PROVIDED INFORMATION section start

(* For real $s>1$ let $u_s(t):=t\big(\frac{s+t}{s-1}\big)^{s-1}$. For each $s>1$ the equation $u_s(t)=1$ has a unique solution $t=c(s)$ with $t\ge-1$; it is a simple solution and $c(s)\in(0,1)$. The function $c$ is $C^\infty$ on $(1,\infty)$, strictly decreasing, and $c(s)\to c_0$ as $s\to\infty$, where $c_0\approx0.278465$ is the unique real number with $c_0e^{c_0+1}=1$, $0<c_0<1$. In particular, for every even integer $s\ge2$, the negative real root of $\psi_s(z):=z^{s-1}(z+s)-(s-1)^{s-1}$ is $z=-s-c(s)$. *)

From Stdlib Require Import Reals.
From Coquelicot Require Import Coquelicot.
Open Scope R_scope.

(* u_s(t) = t * ((s+t)/(s-1))^(s-1), real exponent (meaningful for s > 1, t >= -1,
   where the base (s+t)/(s-1) is positive). *)
Definition u (s t : R) : R := t * Rpower ((s + t) / (s - 1)) (s - 1).

Definition psi (n : nat) (z : R) : R :=
  z ^ (n - 1) * (z + INR n) - (INR n - 1) ^ (n - 1).

From Stdlib Require Import Reals Lra Lia Psatz ClassicalEpsilon.
From Coquelicot Require Import Coquelicot.
Open Scope R_scope.

(* For t > 0, u s t = exp (logu s t) with
   logu s t = ln t + (s - 1) ln ((s + t) / (s - 1)), which is strictly increasing
   both in t and in s, while u s t <= 0 for t <= 0.  So c s is the unique zero of
   logu s; it lies below 1 because logu s 1 > 0, and it decreases in s.  The bounds
   ln t + 1 + t - (1 + t)^2 / (s + t) <= logu s t < ln t + 1 + t squeeze c s
   towards the zero c0 of ln t + 1 + t, i.e. of t e^(t+1) = 1.
   Differentiability comes from Carathéodory slopes: subtracting the equations
   logu s (c s) = 0 and logu s0 (c s0) = 0 writes c s - c s0 as (s - s0) times a
   function continuous at s0.  The derivative is built from c by ring operations,
   inverses and logarithms of positive functions, a class closed under
   differentiation, hence c is smooth.  Finally, for even n,
   psi n (- n - t) = (n - 1)^(n - 1) (u n t - 1). *)

Lemma ln_lt_sub_1 y : 0 < y -> y <> 1 -> ln y < y - 1.
Proof.
intros Hy Hy1.
pose proof (exp_ineq1 (ln y) (ln_neq_0 y Hy1 Hy)) as H.
rewrite exp_ln in H by exact Hy. lra.
Qed.

Lemma ln_le_sub_1 y : 0 < y -> ln y <= y - 1.
Proof.
intro Hy. pose proof (exp_ineq1_le (ln y)) as H.
rewrite exp_ln in H by exact Hy. lra.
Qed.

Lemma pow_opp_odd x j : (- x) ^ (2 * j + 1) = - x ^ (2 * j + 1).
Proof. rewrite !pow_add, !pow_mult. replace ((- x) ^ 2) with (x ^ 2) by ring. ring. Qed.

Lemma ex_derive_continuity_pt f x : ex_derive f x -> continuity_pt f x.
Proof. intro H. apply continuity_pt_filterlim. exact (ex_derive_continuous f x H). Qed.

Lemma locally_pos_of_continuity_pt f x :
  continuity_pt f x -> 0 < f x -> locally x (fun y => 0 < f y).
Proof.
intros Hf Hpos.
apply (filter_imp (fun y => Rabs (f y - f x) < f x)).
- intros y Hy. apply Rabs_def2 in Hy. lra.
- exact (proj1 (continuity_pt_locally f x) Hf (mkposreal _ Hpos)).
Qed.

Lemma ball_R x e y : ball x e y <-> Rabs (y - x) < e.
Proof. reflexivity. Qed.

Definition slope (f : R -> R) (a d b : R) : R :=
  if Req_EM_T b a then d else (f b - f a) / (b - a).

Lemma slope_eq f a d b : f b - f a = slope f a d b * (b - a).
Proof.
unfold slope. destruct (Req_EM_T b a) as [->|Hne]; [ring|field; lra].
Qed.

Lemma slope_at f a d : slope f a d a = d.
Proof. unfold slope. destruct (Req_EM_T a a); [reflexivity|lra]. Qed.

Lemma continuity_pt_slope f a d :
  derivable_pt_lim f a d -> continuity_pt (slope f a d) a.
Proof.
intros Hf. apply continuity_pt_locally. intros eps.
destruct (Hf eps (cond_pos eps)) as [delta Hdelta].
exists delta. intros b Hb. change R in b. apply ball_R in Hb.
rewrite slope_at. unfold slope. destruct (Req_EM_T b a) as [->|Hne].
- rewrite Rminus_eq_0, Rabs_R0. apply cond_pos.
- specialize (Hdelta (b - a) ltac:(lra) Hb).
  replace (a + (b - a)) with b in Hdelta by ring. exact Hdelta.
Qed.

Lemma slope_ln_pos a b : 0 < a -> 0 < b -> 0 < slope ln a (/ a) b.
Proof.
intros Ha Hb. unfold slope. destruct (Req_EM_T b a) as [_|Hne].
- now apply Rinv_0_lt_compat.
- destruct (Rlt_or_le b a) as [Hlt|Hle].
  + assert (ln b < ln a) by (apply ln_increasing; lra).
    replace ((ln b - ln a) / (b - a)) with ((ln a - ln b) / (a - b)) by (field; lra).
    apply Rdiv_lt_0_compat; lra.
  + assert (ln a < ln b) by (apply ln_increasing; lra).
    apply Rdiv_lt_0_compat; lra.
Qed.

Lemma derivable_pt_lim_of_quotient (g Q : R -> R) (x0 : R) :
  locally x0 (fun x => x <> x0 -> (g x - g x0) / (x - x0) = Q x) ->
  continuity_pt Q x0 -> derivable_pt_lim g x0 (Q x0).
Proof.
intros [d1 Hquot] HQ eps Heps.
destruct (proj1 (continuity_pt_locally _ _) HQ (mkposreal _ Heps)) as [d2 Hclose].
exists (mkposreal _ (Rmin_pos _ _ (cond_pos d1) (cond_pos d2))).
intros h Hh0 Hh. simpl in Hh.
assert (Hball : forall d : posreal, Rmin d1 d2 <= d -> ball x0 d (x0 + h)).
{ intros d Hd. apply ball_R. replace (x0 + h - x0) with h by ring. lra. }
specialize (Hclose (x0 + h) (Hball d2 (Rmin_r _ _))).
rewrite <- (Hquot (x0 + h)) in Hclose; [| apply Hball, Rmin_l | lra].
replace (x0 + h - x0) with h in Hclose by ring.
exact Hclose.
Qed.

Definition logu (s t : R) : R := ln t + (s - 1) * (ln (s + t) - ln (s - 1)).

Lemma u_exp_logu s t : 1 < s -> 0 < t -> u s t = exp (logu s t).
Proof.
intros Hs Ht. unfold u, Rpower, logu.
rewrite ln_div, exp_plus, exp_ln by lra. reflexivity.
Qed.

Lemma u_eq_1 s t : 1 < s -> 0 < t -> u s t = 1 <-> logu s t = 0.
Proof.
intros Hs Ht. rewrite u_exp_logu by assumption. split; intro H.
- now rewrite <- (ln_exp (logu s t)), H, ln_1.
- now rewrite H, exp_0.
Qed.

Lemma u_nonpos s t : t <= 0 -> u s t <= 0.
Proof.
intro Ht. unfold u, Rpower.
pose proof (exp_pos ((s - 1) * ln ((s + t) / (s - 1)))). nra.
Qed.

Lemma is_derive_u s t : 1 < s -> - s < t ->
  is_derive (u s) t (Rpower ((s + t) / (s - 1)) (s - 1) * (1 + t * (s - 1) / (s + t))).
Proof.
intros Hs Ht. unfold u, Rpower. auto_derive.
- apply Rdiv_lt_0_compat; lra.
- unfold Rdiv. field. lra.
Qed.

Lemma logu_increasing s t1 t2 : 1 < s -> 0 < t1 -> t1 < t2 -> logu s t1 < logu s t2.
Proof.
intros Hs Ht1 Ht12. unfold logu.
assert (ln t1 < ln t2) by (apply ln_increasing; lra).
assert (ln (s + t1) < ln (s + t2)) by (apply ln_increasing; lra).
nra.
Qed.

Lemma logu_1_pos s : 1 < s -> 0 < logu s 1.
Proof.
intro Hs. unfold logu. rewrite ln_1.
assert (ln (s - 1) < ln (s + 1)) by (apply ln_increasing; lra). nra.
Qed.

Lemma is_derive_logu_s s t : 1 < s -> 0 < t ->
  is_derive (fun s => logu s t) s (ln (s + t) - ln (s - 1) - (1 + t) / (s + t)).
Proof.
intros Hs Ht. unfold logu. auto_derive.
- split; lra.
- unfold Rminus. field. lra.
Qed.

Lemma continuity_pt_logu_s s t : 1 < s -> 0 < t -> continuity_pt (fun s => logu s t) s.
Proof.
intros Hs Ht. apply ex_derive_continuity_pt. eexists. now apply is_derive_logu_s.
Qed.

Lemma logu_increasing_s s1 s2 t : 1 < s1 -> s1 < s2 -> 0 < t -> logu s1 t < logu s2 t.
Proof.
intros Hs1 Hs12 Ht.
destruct (MVT_cor2 (fun s => logu s t) (fun s => ln (s + t) - ln (s - 1) - (1 + t) / (s + t))
            s1 s2 Hs12) as [s [Hmvt Hs]].
- intros s Hs. apply is_derive_Reals, is_derive_logu_s; lra.
- (* [ln y < y - 1] at [y = (s - 1) / (s + t)] makes the slope positive *)
  assert (Hln : ln ((s - 1) / (s + t)) < (s - 1) / (s + t) - 1).
  { apply ln_lt_sub_1; [apply Rdiv_lt_0_compat; lra|].
    intro Heq. apply Rdiv_diag_uniq in Heq. lra. }
  rewrite ln_div in Hln by lra.
  replace ((s - 1) / (s + t) - 1) with (- ((1 + t) / (s + t))) in Hln by (field; lra).
  nra.
Qed.

Lemma logu_lt s t : 1 < s -> 0 < t -> logu s t < ln t + (1 + t).
Proof.
intros Hs Ht. unfold logu.
assert (Hln : ln ((s + t) / (s - 1)) < (s + t) / (s - 1) - 1).
{ apply ln_lt_sub_1; [apply Rdiv_lt_0_compat; lra|].
  intro Heq. apply Rdiv_diag_uniq in Heq. lra. }
rewrite ln_div in Hln by lra.
replace ((s + t) / (s - 1) - 1) with ((1 + t) / (s - 1)) in Hln by (field; lra).
apply Rmult_lt_compat_l with (r := s - 1) in Hln; [|lra].
replace ((s - 1) * ((1 + t) / (s - 1))) with (1 + t) in Hln by (field; lra).
lra.
Qed.

Lemma logu_ge s t : 1 < s -> 0 < t ->
  ln t + (1 + t) - (1 + t) ^ 2 / (s + t) <= logu s t.
Proof.
intros Hs Ht. unfold logu.
assert (Hln : ln ((s - 1) / (s + t)) <= (s - 1) / (s + t) - 1)
  by (apply ln_le_sub_1, Rdiv_lt_0_compat; lra).
rewrite ln_div in Hln by lra.
replace ((s - 1) / (s + t) - 1) with (- ((1 + t) / (s + t))) in Hln by (field; lra).
apply Rmult_le_compat_l with (r := s - 1) in Hln; [|lra].
replace ((s - 1) * - ((1 + t) / (s + t))) with ((1 + t) ^ 2 / (s + t) - (1 + t)) in Hln
  by (field; lra).
lra.
Qed.

Lemma logu_root_exists s : 1 < s -> exists t, 0 < t /\ logu s t = 0.
Proof.
intro Hs.
assert (Hu1 : 1 < u s 1).
{ rewrite u_exp_logu by lra. rewrite <- exp_0 at 1. apply exp_increasing, logu_1_pos, Hs. }
destruct (Ranalysis5.IVT_interv (fun t => u s t - 1) 0 1) as [t [Ht Hroot]].
- intros t Ht. apply continuity_pt_minus.
  + apply ex_derive_continuity_pt. eexists. apply is_derive_u; lra.
  + apply continuity_pt_const. intros ? ?. reflexivity.
- lra.
- unfold u. lra.
- lra.
- assert (Hpos : 0 < t).
  { destruct (Rle_or_lt t 0) as [Hle|Hlt]; [|exact Hlt].
    pose proof (u_nonpos s t Hle). lra. }
  exists t. split; [exact Hpos|]. apply u_eq_1; lra.
Qed.

(* For s <= 1 this is an unspecified value of Hilbert's choice operator. *)
Definition c (s : R) : R := epsilon (inhabits 0) (fun t => 0 < t /\ logu s t = 0).

Lemma c_spec s : 1 < s -> 0 < c s /\ logu s (c s) = 0.
Proof. intro Hs. unfold c. apply epsilon_spec, logu_root_exists, Hs. Qed.

Lemma c_lt_iff s t : 1 < s -> 0 < t -> c s < t <-> 0 < logu s t.
Proof.
intros Hs Ht. destruct (c_spec s Hs) as [Hc Hroot]. split; intro H.
- rewrite <- Hroot. now apply logu_increasing.
- destruct (Rtotal_order (c s) t) as [Hlt|[Heq|Hgt]]; [exact Hlt| |].
  + rewrite Heq in Hroot. lra.
  + pose proof (logu_increasing s t (c s) Hs Ht Hgt). lra.
Qed.

Lemma lt_c_iff s t : 1 < s -> 0 < t -> t < c s <-> logu s t < 0.
Proof.
intros Hs Ht. destruct (c_spec s Hs) as [Hc Hroot]. split; intro H.
- rewrite <- Hroot. now apply logu_increasing.
- destruct (Rtotal_order t (c s)) as [Hlt|[Heq|Hgt]]; [exact Hlt| |].
  + rewrite <- Heq in Hroot. lra.
  + pose proof (logu_increasing s (c s) t Hs Hc Hgt). lra.
Qed.

Lemma c_lt_1 s : 1 < s -> c s < 1.
Proof. intro Hs. apply c_lt_iff, logu_1_pos; lra. Qed.

Lemma u_c s : 1 < s -> u s (c s) = 1.
Proof. intro Hs. destruct (c_spec s Hs). apply u_eq_1; assumption. Qed.

Lemma u_eq_1_c s t : 1 < s -> u s t = 1 -> t = c s.
Proof.
intros Hs Hu.
assert (Ht : 0 < t).
{ destruct (Rle_or_lt t 0) as [Hle|Hlt]; [|exact Hlt].
  pose proof (u_nonpos s t Hle). lra. }
apply u_eq_1 in Hu; [|assumption..].
destruct (Rtotal_order t (c s)) as [Hlt|[Heq|Hgt]]; [|exact Heq|].
- pose proof (proj1 (lt_c_iff s t Hs Ht) Hlt). lra.
- pose proof (proj1 (c_lt_iff s t Hs Ht) Hgt). lra.
Qed.

Lemma is_derive_u_c_neq0 s : 1 < s -> exists d, is_derive (u s) (c s) d /\ d <> 0.
Proof.
intro Hs. destruct (c_spec s Hs) as [Hc _].
eexists. split; [apply is_derive_u; lra|].
pose proof (exp_pos ((s - 1) * ln ((s + c s) / (s - 1)))).
assert (0 < c s * (s - 1) / (s + c s)) by (apply Rdiv_lt_0_compat; nra).
unfold Rpower. nra.
Qed.

Lemma c_decreasing s1 s2 : 1 < s1 -> s1 < s2 -> c s2 < c s1.
Proof.
intros Hs1 Hs12. destruct (c_spec s1 Hs1) as [Hc1 Hroot1].
apply c_lt_iff; [lra|exact Hc1|].
rewrite <- Hroot1. now apply logu_increasing_s.
Qed.

Lemma continuity_pt_c s0 : 1 < s0 -> continuity_pt c s0.
Proof.
intros Hs0. apply continuity_pt_locally. intros eps.
destruct (c_spec s0 Hs0) as [Hc0 Hroot0].
set (e := Rmin eps (c s0 / 2)).
assert (He : 0 < e) by (apply Rmin_pos; [apply cond_pos|lra]).
assert (e <= eps) by apply Rmin_l. assert (e <= c s0 / 2) by apply Rmin_r.
assert (Habove : locally s0 (fun s => 0 < logu s (c s0 + e))).
{ apply locally_pos_of_continuity_pt with (f := fun s => logu s (c s0 + e)).
  - apply continuity_pt_logu_s; lra.
  - rewrite <- Hroot0. apply logu_increasing; lra. }
assert (Hbelow : locally s0 (fun s => 0 < - logu s (c s0 - e))).
{ apply locally_pos_of_continuity_pt with (f := fun s => - logu s (c s0 - e)).
  - apply continuity_pt_opp, continuity_pt_logu_s; lra.
  - rewrite <- Hroot0. pose proof (logu_increasing s0 (c s0 - e) (c s0)). lra. }
generalize (filter_and _ _ (open_gt 1 s0 Hs0) (filter_and _ _ Habove Hbelow)).
apply filter_imp. intros s [Hs [Hup Hlow]].
assert (c s < c s0 + e) by (apply c_lt_iff; lra).
assert (c s0 - e < c s) by (apply lt_c_iff; lra).
apply Rabs_def1; lra.
Qed.

(** * Differentiability of [c] *)

(* [- (d logu / ds) / (d logu / dt)] at [t = c s], i.e. implicit differentiation of
   [logu s (c s) = 0]. *)
Definition c' (s : R) : R :=
  c s * (s + c s) * / (s * (1 + c s)) * (ln (s - 1) + - ln (s + c s)) + c s * / s.

Definition shifted_xlnx (x : R) : R := (x - 1) * ln (x - 1).

Lemma derivable_pt_lim_shifted_xlnx x : 1 < x ->
  derivable_pt_lim shifted_xlnx x (ln (x - 1) + 1).
Proof.
intros Hx. apply is_derive_Reals. unfold shifted_xlnx. auto_derive.
- lra.
- unfold Rminus. field. lra.
Qed.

PROVIDED INFORMATION section end

== WHAT TO DO ==
Filter the entries above down to the lines containing the word "assumption".

== WORKED SOLUTION ==
intros Hs Ht. rewrite u_exp_logu by assumption. split; intro H.
Proof. intro Hs. destruct (c_spec s Hs). apply u_eq_1; assumption. Qed.
apply u_eq_1 in Hu; [|assumption..].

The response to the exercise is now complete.